# Bad Mic quality with Google Hangout



## LakeDubVt (Jan 28, 2012)

Anyone been experiencing bad mic quality with Google hangouts. People are telling me I sound muffled and my audio cuts in and out. Haven't tried with another app, so not sure if it is an hangout issue or mic issue.


----------



## TheShoura (Mar 17, 2012)

Not related to Nexus 10... but a bit of info on Google Hangouts I can share:

When chatting from my Galaxy Nexus to my mom's laptop, her laptop's speakers feed back into her mic - its a pretty shitty laptop ($300 Samsung, low end everything)... I can hear myself playing through her speakers... What I hear is very bad, choppy, and distorted version of my own voice - as if the echo cancellation was just failing miserably on her end.

When chatting to the same computer and she was using headphones, she said I came in crystal clear.
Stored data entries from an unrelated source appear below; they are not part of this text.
Definition del_edge (A : {set T}) : rel T :=
  [rel a b | g a b && ([set a; b] != A)].

Fixpoint nbhd (n : nat) (S : {set T}) : {set T} :=
  match n with
  | 0 => S
  | n'.+1 => nbhd n' S :|: [set y | [exists z in nbhd n' S, g z y]]
  end.

Definition is_path (P : seq T) : bool :=
  if P is x :: s then uniq P && path g x s else false.

Definition longest_path (P : seq T) :=
  is_path P /\ forall Q, is_path Q -> size Q <= size P.

Definition edge_on_path (P : seq T) (A : {set T}) : bool :=
  has (fun p : T * T => A == [set p.1; p.2]) (zip P (behead P)).

(* d^k_P(A) for an edge A, as 0/1:
   A = {u,v}, A not on P, u strictly closer to P than v (some radius n
   around P contains u but not v), and some vertex w of the component of
   G - A containing v has distance >= k from u. *)
Definition dk (k : nat) (P : seq T) (A : {set T}) : nat :=
  [exists u, exists v,
     [&& A == [set u; v], g u v, ~~ edge_on_path P A,
         [exists n : 'I_#|T|.+1, (u \in nbhd n [set x in P]) && (v \notin nbhd n [set x in P])]
       & [exists w, connect (del_edge A) v w && (w \notin nbhd k.-1 [set u])]]].

(* configurations of k agents: injective k-tuples inducing a connected subgraph *)
Definition conf_set (k : nat) (C : {ffun 'I_k -> T}) : {set T} := [set C i | i in 'I_k].

Definition is_conf (k : nat) (C : {ffun 'I_k -> T}) : bool :=
  injectiveb C &&
  [forall x in conf_set C, forall y in conf_set C, connect (induced (conf_set C)) x y].

Definition conf_adj (k : nat) (C D : {ffun 'I_k -> T}) : bool :=
  [forall i, (C i == D i) || g (C i) (D i)].

Definition rstep (k : nat) (C D : {ffun 'I_k -> T}) : bool :=
  conf_adj C D && (#|conf_set D :\: conf_set C| == 1).

(* a restricted transition walk C_0 = c0, C_1..C_l = cs, of length l = size cs *)
Definition restricted_walk (k : nat) (c0 : {ffun 'I_k -> T}) (cs : seq {ffun 'I_k -> T}) : bool :=
  all (@is_conf k) (c0 :: cs) && path (@rstep k) c0 cs.

Definition spanning (k : nat) (c0 : {ffun 'I_k -> T}) (cs : seq {ffun 'I_k -> T}) : bool :=
  [forall x, has (fun C => x \in conf_set C) (c0 :: cs)].
End Graphs.

From mathcomp Require Import all_boot all_order zify.
Set Implicit Arguments. Unset Strict Implicit. Unset Printing Implicit Defensive.

(* A spanning restricted walk [C_0, ..., C_l] adds exactly one new vertex per
   step except at revisits, steps whose configuration was entirely visited
   before; hence [n + #revisits <= k + l].  Call an edge [ab], oriented from
   [a] to [b], heavy when the component of [G - ab] containing [b] has a vertex
   at distance [>= k] from [a]; the edges with [d^k_P* = 1] are heavy edges
   oriented away from [P*].  If a heavy side avoids both the first and the last
   position of some agent, the walk must enter it (a connected configuration
   containing the far vertex fits inside it) and leave it again; the last exit
   moves onto [a], which was occupied at the first entry, so that step is a
   revisit, and it determines the edge.  Finally the two ends [x], [y] of a
   longest path are farthest from every vertex, and a counting along geodesics
   shows that no pair of vertices has more heavy edges pointing to it than
   [x, y]; so the edges with [d^k_P* = 1] are at most the revisits. *)

Lemma cardsUD (T : finType) (A B : {set T}) : #|A :|: B| = #|A| + #|B :\: A|.
Proof. by have := cardsID A B; rewrite cardsU setIC; lia. Qed.
(* Let $\varpi$ be an oscillation function on $[0,R)$ that is concave and differentiable in a neighborhood of the origin, and assume: (a) $\int_0^R \varpi(r)\,\frac{dr}{r}<\infty$; (b) $\lim_{r\to0}\varpi(r)/r=+\infty$; (c) $\lim_{r\to0}\frac{\varpi(r)}{r\,\varpi'(r)}=C_1$ for some $C_1\in(1,+\infty]$. For $0<r<R$ set $$B(r)=\frac{r\int_r^{R}\frac{\varpi(s)}{s^2}\,ds}{\int_0^r\frac{\varpi(s)}{s}\,ds}.$$ Then $\lim_{r\to0}B(r)=\frac{1}{C_1-1}$ (interpreted as $0$ if $C_1=+\infty$). In particular there is a constant $C_2>0$ such that $B(r)\le C_2$ for all $r$ in some neighborhood of the origin.
   Context: An oscillation function is a real, continuous, non-decreasing function $\varpi$ defined on $[0,R)$ for some $R>0$, with $\varpi(0)=0$ and $\varpi(r)>0$ for $r>0$. ''Differentiable'' means pointwise differentiable at each $r>0$ in a neighborhood of the origin. *)

From HB Require Import structures.
From mathcomp Require Import all_boot all_order all_algebra.
From mathcomp Require Import all_classical all_reals all_analysis.
Set Implicit Arguments. Unset Strict Implicit. Unset Printing Implicit Defensive.
Import Order.TTheory GRing.Theory Num.Theory.
Import numFieldNormedType.Exports.
Local Open Scope classical_set_scope.
Local Open Scope ring_scope.

Definition oscillation_fun {R : realType} (R0 : R) (w : R -> R) : Prop :=
  0 < R0 /\
  {within `[0, R0[, continuous w} /\
  {in `[0, R0[ &, forall x y, x <= y -> w x <= w y} /\
  w 0 = 0 /\
  (forall r, 0 < r < R0 -> 0 < w r).

Definition concave_on {R : realType} (A : set R) (w : R -> R) : Prop :=
  forall x y t, A x -> A y -> 0 <= t <= 1 ->
    (1 - t) * w x + t * w y <= w ((1 - t) * x + t * y).

Definition oscB {R : realType} (R0 : R) (w : R -> R) (r : R) : R :=
  r * fine (\int[lebesgue_measure]_(s in `]r, R0[) (w s / s ^+ 2)%:E)
    / fine (\int[lebesgue_measure]_(s in `]0, r[) (w s / s)%:E).

Definition oscB_limit {R : realType} (C1 : \bar R) : R :=
  match C1 with
  | EFin c => 1 / (c - 1)
  | _ => 0
  end.

From HB Require Import structures.
From mathcomp Require Import all_boot all_order all_algebra.
From mathcomp Require Import all_classical all_reals all_analysis.
From mathcomp Require Import ring lra measurable_realfun.
Import Order.TTheory GRing.Theory Num.Theory.
Import numFieldNormedType.Exports.
Local Open Scope classical_set_scope.
Local Open Scope ring_scope.

(* Write u(r) = w(r)/r, G(r) = int_r^R w(s)/s^2 ds and F(r) = int_0^r w(s)/s ds,
   so that B = r G / F.  Since u -> +oo and G'/u' = w / (w - r w') = q / (q - 1)
   with q = w / (r w') -> C1, L'Hopital's rule at infinity gives
   G/u -> C1 / (C1 - 1).  Hence r G = w (G/u) -> 0; as also F -> 0, L'Hopital's
   rule for 0/0 gives B -> lim (rG)'/F' = lim (G - u)/u = 1 / (C1 - 1). *)

Local Notation mu := (@lebesgue_measure _).

Lemma near_at_right_itv {R : realType} {P : R -> Prop} {a : R} :
  (\forall x \near a^'+, P x) -> exists2 c, a < c & forall x, a < x < c -> P x.
Proof.
move=> [D /= D0 H]; exists (a + D); first by rewrite ltrDl.
move=> x /andP[ax xc]; apply: H => //=.
by rewrite /ball_ /= distrC gtr0_norm ?subr_gt0 // ltrBlDl.
Qed.

Lemma cvg_near_ub {R : realFieldType} {T : Type} {F : set_system T}
    {FF : Filter F} {f : T -> R} {l : R} :
  f @ F --> l -> exists2 C, 0 < C & \forall x \near F, f x <= C.
Proof.
move=> /cvgrPdist_le /(_ 1 ltr01) fl.
exists (`|l| + 1); first by rewrite ltr_pwDr.
apply: filterS fl => x; rewrite distrC ler_norml => /andP[_].
by have := ler_norm l; lra.
Qed.

Lemma div_gt1_itv {R : realFieldType} {a d : R} : 0 < a -> 1 < a / d -> 0 < d < a.
Proof.
move=> a0 ad; have d0 : 0 < d.
  rewrite ltNge; apply/negP => d_le0.
  have : a / d <= 0 by rewrite pmulr_rle0 // invr_le0.
  lra.
by move: ad; rewrite ltr_pdivlMr // mul1r d0.
Qed.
Voice chatting from my G-Nex to my buddie's MacBook Pro on speakers - 100% clear

Google Hangout on my PC using speakers to someone elses MBP - 100% clear

Google Hangout on my PC using speakers to another friend's crap-top = bad results again

note: my PC has a high end gaming sound card that features a lot of nice audio settings and processing, I can only imagine it helps at least a little bit

I feel like the issue arises when one user has an echo problem. For some reason, Google Hangout amplifies this on a massive scale as using Skype or some other video chat thing I can't recall, the issue was much less prevalent (but still there).

Solution? Everyone put some headphones on.


----------



## salem (Jun 16, 2011)

I'm having the same problem.

Sent from my Nexus 10 using RootzWiki


----------



## MykalDre (Dec 9, 2012)

Well the mic in the n10 isn't the greatest son that's part of our problem. Another part is you might be covering the mic, took me a min to find it. If all else fails.... External mics. I normally use my skullcandys when on g+ because having a mic on my chest is better then the back/bottom of my tab

Sent from my Stoned Nexus 10 using RootzWiki


----------



## inthewoods (Dec 27, 2011)

This bug was reported to Google on Dec 2 with no fix or info yet :-( https://productforums.google.com/forum/#!topic/google-plus-discuss/qmVujPBPk3A


----------